◆ **Supplied data**:
________________________

Lemma spec_norm_svd_tail m' : (n' <= m')%N ->
  sv k <= spec_norm (drsubmx (svd_diag sv : 'M[R]_(k + m', k + n'))).
Proof.
move=> n'm'; set e0 := delta_mx (Ordinal n'_gt0) 0 : 'cV[R]_n'.
have := vnorm_mul_spec_le (drsubmx (svd_diag sv : 'M[R]_(k + m', k + n'))) e0.
rewrite vnorm_delta mulr1; apply: le_trans.
rewrite drsubmx_svd_diag vnormE mxnorm2_svd_diag_mul (bigD1 (Ordinal n'_gt0)) //= big1 ?addr0.
  by rewrite (leq_trans n'_gt0 n'm') mxE !eqxx mulr1 addn0 sqrtr_sqr ger0_norm.
by move=> j j0; rewrite mxE (negbTE j0) mulr0 expr0n; case: ifP.
Qed.

Lemma sqr_frob_svd_tail m' : (n' <= m')%N ->
  frob_norm (drsubmx (svd_diag sv : 'M[R]_(k + m', k + n'))) ^+ 2 = \sum_(j < n') sv (k + j) ^+ 2.
Proof.
move=> n'm'; rewrite sqr_frob_norm drsubmx_svd_diag mxnorm2E exchange_big /=.
apply: eq_bigr => j _.
rewrite (eq_bigr (fun i : 'I_m' => if (i : nat) == j then sv (k + j) ^+ 2 else 0)).
  by rewrite sum_ord_if_eq (leq_trans (ltn_ord j) n'm').
by move=> i _; rewrite mxE; case: ifP => // _; rewrite expr0n.
Qed.

Let svd_diag_gram_exp m' q : (n' <= m')%N ->
  let S := svd_diag sv : 'M[R]_(k + m', k + n') in
  (S^T *m S) ^+ q *m S^T = svd_diag (svpow (2 * q).+1).
Proof.
move=> n'm' S; rewrite /S tr_svd_diag mul_svd_diag svd_diag_exp mul_svd_diag.
apply: eq_svd_diag => i i_lt _; have i_lt' : (i < k + m')%N by rewrite (leq_trans i_lt) ?leq_add2l.
by rewrite /svpow i_lt i_lt' -expr2 -exprM -exprSr.
Qed.

Let svd_diag_mul_gram_exp m' q : (n' <= m')%N ->
  let S := svd_diag sv : 'M[R]_(k + m', k + n') in
  S *m ((S^T *m S) ^+ q *m S^T) = svd_diag (svpow (2 * q).+2).
Proof.
move=> n'm' S; rewrite svd_diag_gram_exp // mul_svd_diag.
by apply: eq_svd_diag => i _ _; rewrite /svpow; case: (i < k + n')%N; rewrite -?exprS.
Qed.

Lemma svd_gram_exp_diag m' q (A : 'M[R]_(k + m', k + n')) (U : 'M[R]_(k + m'))
    (V : 'M[R]_(k + n')) :
  (n' <= m')%N -> U^T *m U = 1%:M -> V^T *m V = 1%:M -> A = U *m svd_diag sv *m V^T ->
  (A^T *m A) ^+ q *m A^T = V *m svd_diag (svpow (2 * q).+1) *m U^T /\
  A *m ((A^T *m A) ^+ q *m A^T) = U *m svd_diag (svpow (2 * q).+2) *m U^T.
Proof.
move=> n'm' U_orth V_orth svdA; rewrite (svd_gram_exp q U_orth V_orth svdA) -svd_diag_gram_exp //.
split=> //.
by rewrite {1}svdA -!mulmxA (mulmxA V^T) V_orth mul1mx -svd_diag_mul_gram_exp // !mulmxA.
Qed.

Section TailMatrix.
Variables (m' : nat) (G : 'M[R]_(m', k)).

Let c := spec_norm G.
Let c_ge0 : 0 <= c. Proof. exact: spec_norm_ge0. Qed.
Let kappa e := delta ^+ e * c / sv k.-1.
Let L e := gamma ^+ e.+1 * c.

Let lead_inv e : 'M[R]_k := svd_diag (fun i => (sv i ^+ e)^-1).
(* F of the range identity W [I; F] = X Y. *)
Let tail_mx e N' : 'M[R]_(N', k) := svd_diag (fun j => svpow e (k + j)) *m G *m lead_inv e.

Let svd_diag_svpow_col e N' :
  (svd_diag (svpow e) : 'M[R]_(k + N', k + m')) *m col_mx 1%:M G *m lead_inv e =
  col_mx 1%:M (tail_mx e N').
Proof.
rewrite svd_diag_mul_col_mx; congr col_mx.
rewrite (@eq_svd_diag _ k k _ (fun i => sv i ^+ e)) ?svd_diag_mulV // => i i_lt.
  by rewrite expf_neq0 // lt0r_neq0 ?sv_head_gt0.
by rewrite /svpow ltn_addr.
Qed.

Let inv_lead_le e i : (i < k)%N -> (sv i ^+ e)^-1 <= (sv k.-1 ^+ e)^-1.
Proof.
move=> i_lt; rewrite lef_pV2 ?posrE ?exprn_gt0 // ?sv_head_gt0 //.
by apply: ler_wXn2r; [exact: ltW | exact: sv_head_ge].
Qed.

Let vnorm_lead_inv_le e z : vnorm (lead_inv e *m z) <= (sv k.-1 ^+ e)^-1 * vnorm z.
Proof.
apply: vnorm_svd_diag_mul_le => [|i i_lt _]; first by rewrite invr_ge0 exprn_ge0 ?ltW.
by apply: ler_wXn2r (inv_lead_le e i_lt); rewrite invr_ge0 exprn_ge0 ?ltW ?sv_head_gt0.
Qed.

Let svpow_tail_sqr_le e j : svpow e (k + j) ^+ 2 <= (sv k ^+ e) ^+ 2.
Proof.
rewrite /svpow; case: ifP => j_lt; last by rewrite expr0n sqr_ge0.
have svkj_ge0 : 0 <= sv (k + j) by apply: sv_ge0.
apply: ler_wXn2r; first exact: exprn_ge0.
by apply: ler_wXn2r => //; apply: sv_nonincr; lia.
Qed.

Let vnorm_tail_mx_le e N' z :
  vnorm (tail_mx e N' *m z) <= sv k ^+ e * c / sv k.-1 ^+ e * vnorm z.
Proof.
have tail_le (w : 'cV[R]_m') :
    vnorm ((svd_diag (fun j => svpow e (k + j)) : 'M_(N', m')) *m w) <= sv k ^+ e * vnorm w.
  by apply: vnorm_svd_diag_mul_le => [|i _ _]; [exact: exprn_ge0 | exact: svpow_tail_sqr_le].
rewrite /tail_mx -!mulmxA; apply: le_trans (tail_le _) _.
rewrite -!mulrA; apply: ler_wpM2l; first exact: exprn_ge0.
apply: le_trans (vnorm_mul_spec_le _ _) _.
by apply: ler_wpM2l => //; apply: vnorm_lead_inv_le.
Qed.

Let mxnorm2_tr_tail_mx_le e N' (j : 'I_N') :
  mxnorm2 ((tail_mx e N')^T *m delta_mx j (0 : 'I_1)) <= (svpow e (k + j) * c / sv k.-1 ^+ e) ^+ 2.
Proof.
rewrite /tail_mx !trmx_mul tr_svd_diag -!mulmxA.
apply: le_trans (mxnorm2_svd_diag_mul_le _ (B := (sv k.-1 ^+ e)^-1) _) _.
  move=> i i_lt _; apply: ler_wXn2r (inv_lead_le e i_lt).
  by rewrite invr_ge0 exprn_ge0 ?ltW ?sv_head_gt0.
have -> : (svpow e (k + j) * c / sv k.-1 ^+ e) ^+ 2 =
    ((sv k.-1 ^+ e)^-1) ^+ 2 * (c ^+ 2 * svpow e (k + j) ^+ 2) by rewrite !exprMn; ring.
apply: ler_wpM2l; first exact: sqr_ge0.
apply: le_trans (mxnorm2_trmx_mul_spec_le _ _ k_gt0) _; apply: ler_wpM2l; first exact: sqr_ge0.
rewrite tr_svd_diag mxnorm2_svd_diag_mul (bigD1 j) //= big1 ?addr0.
  by rewrite mxE !eqxx mulr1; case: ifP => _ //; rewrite sqr_ge0.
by move=> l lj; rewrite mxE (negbTE lj) mulr0 expr0n; case: ifP.
Qed.

Let kappa_ge0 e : 0 <= kappa e.
Proof. by apply: divr_ge0; [apply: mulr_ge0; [exact: exprn_ge0 | exact: c_ge0] | exact: ltW]. Qed.

Let L_ge0 e : 0 <= L e. Proof. by rewrite /L mulr_ge0 ?exprn_ge0. Qed.

Let sqrt_1DL_gt0 e : 0 < Num.sqrt (1 + L e ^+ 2).
Proof. by rewrite sqrtr_gt0 one_Dsqr_gt0. Qed.

Let tail_col e N' (j : 'I_N') := mxnorm2 ((tail_mx e N')^T *m delta_mx j (0 : 'I_1)).

(* With r := sv (k + j) / sv k.-1, the bound of the j-th term is b = r^(e+1) c,
   and gamma <= r <= delta gives L e <= b <= sv (k + j) * kappa e. *)
Let tail_frob_term_le e N' (j : 'I_N') :
  tail_col e.+1 j / (1 + tail_col e.+1 j) <=
  (if (j < n')%N then sv (k + j) ^+ 2 else 0) * (kappa e ^+ 2 / (1 + L e ^+ 2)).
Proof.
set b := svpow e.+1 (k + j) * c / sv k.-1 ^+ e.+1.
apply: le_trans (ler_frac1D (mxnorm2_ge0 _) (mxnorm2_tr_tail_mx_le e.+1 j)) _; rewrite -/b.
rewrite /b /svpow ltn_add2l; case: ifP => j_lt; last by rewrite !mul0r expr0n mul0r.
set r := sv (k + j) / sv k.-1.
have r_ge0 : 0 <= r by apply: divr_ge0; [apply: sv_ge0; lia | exact: ltW].
have r_le : r <= delta by apply: ler_wpM2r; [rewrite invr_ge0 ltW | apply: sv_nonincr; lia].
have -> : sv (k + j) ^+ e.+1 * c / sv k.-1 ^+ e.+1 = r ^+ e.+1 * c by rewrite expr_div_n mulrAC.
have L_le : L e <= r ^+ e.+1 * c by apply: ler_wpM2r => //; apply: ler_wXn2r => //; apply: gamma_le.
have b_le : r ^+ e.+1 * c <= sv (k + j) * kappa e.
  have -> : r ^+ e.+1 * c = sv (k + j) * (r ^+ e * c / sv k.-1) by rewrite exprSr {2}/r; ring.
  apply: ler_wpM2l; first by apply: sv_ge0; lia.
  apply: ler_wpM2r; first by rewrite invr_ge0 ltW.
  by apply: ler_wpM2r => //; apply: ler_wXn2r.
have L2_ge0 := sqr_ge0 (L e); have b_ge0 : 0 <= r ^+ e.+1 * c by apply: le_trans L_le.
rewrite mulrA; apply: le_trans (_ : _ <= (r ^+ e.+1 * c) ^+ 2 / (1 + L e ^+ 2)) _.
  apply: ler_wpM2l; first exact: sqr_ge0.
  by rewrite lef_pV2 ?posrE ?one_Dsqr_gt0 // lerD2l; apply: ler_wXn2r.
apply: ler_wpM2r; first by rewrite invr_ge0; lra.
by rewrite -exprMn; apply: ler_wXn2r.
Qed.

________________________

◆ **The task**: An exact, complete copy of the lines above from the one with "rewrite /b /svpow" through the one with "rewrite mulrA; apply: le_trans" is the whole answer.

◆ **Response area**:
rewrite /b /svpow ltn_add2l; case: ifP => j_lt; last by rewrite !mul0r expr0n mul0r.
set r := sv (k + j) / sv k.-1.
have r_ge0 : 0 <= r by apply: divr_ge0; [apply: sv_ge0; lia | exact: ltW].
have r_le : r <= delta by apply: ler_wpM2r; [rewrite invr_ge0 ltW | apply: sv_nonincr; lia].
have -> : sv (k + j) ^+ e.+1 * c / sv k.-1 ^+ e.+1 = r ^+ e.+1 * c by rewrite expr_div_n mulrAC.
have L_le : L e <= r ^+ e.+1 * c by apply: ler_wpM2r => //; apply: ler_wXn2r => //; apply: gamma_le.
have b_le : r ^+ e.+1 * c <= sv (k + j) * kappa e.
  have -> : r ^+ e.+1 * c = sv (k + j) * (r ^+ e * c / sv k.-1) by rewrite exprSr {2}/r; ring.
  apply: ler_wpM2l; first by apply: sv_ge0; lia.
  apply: ler_wpM2r; first by rewrite invr_ge0 ltW.
  by apply: ler_wpM2r => //; apply: ler_wXn2r.
have L2_ge0 := sqr_ge0 (L e); have b_ge0 : 0 <= r ^+ e.+1 * c by apply: le_trans L_le.
rewrite mulrA; apply: le_trans (_ : _ <= (r ^+ e.+1 * c) ^+ 2 / (1 + L e ^+ 2)) _.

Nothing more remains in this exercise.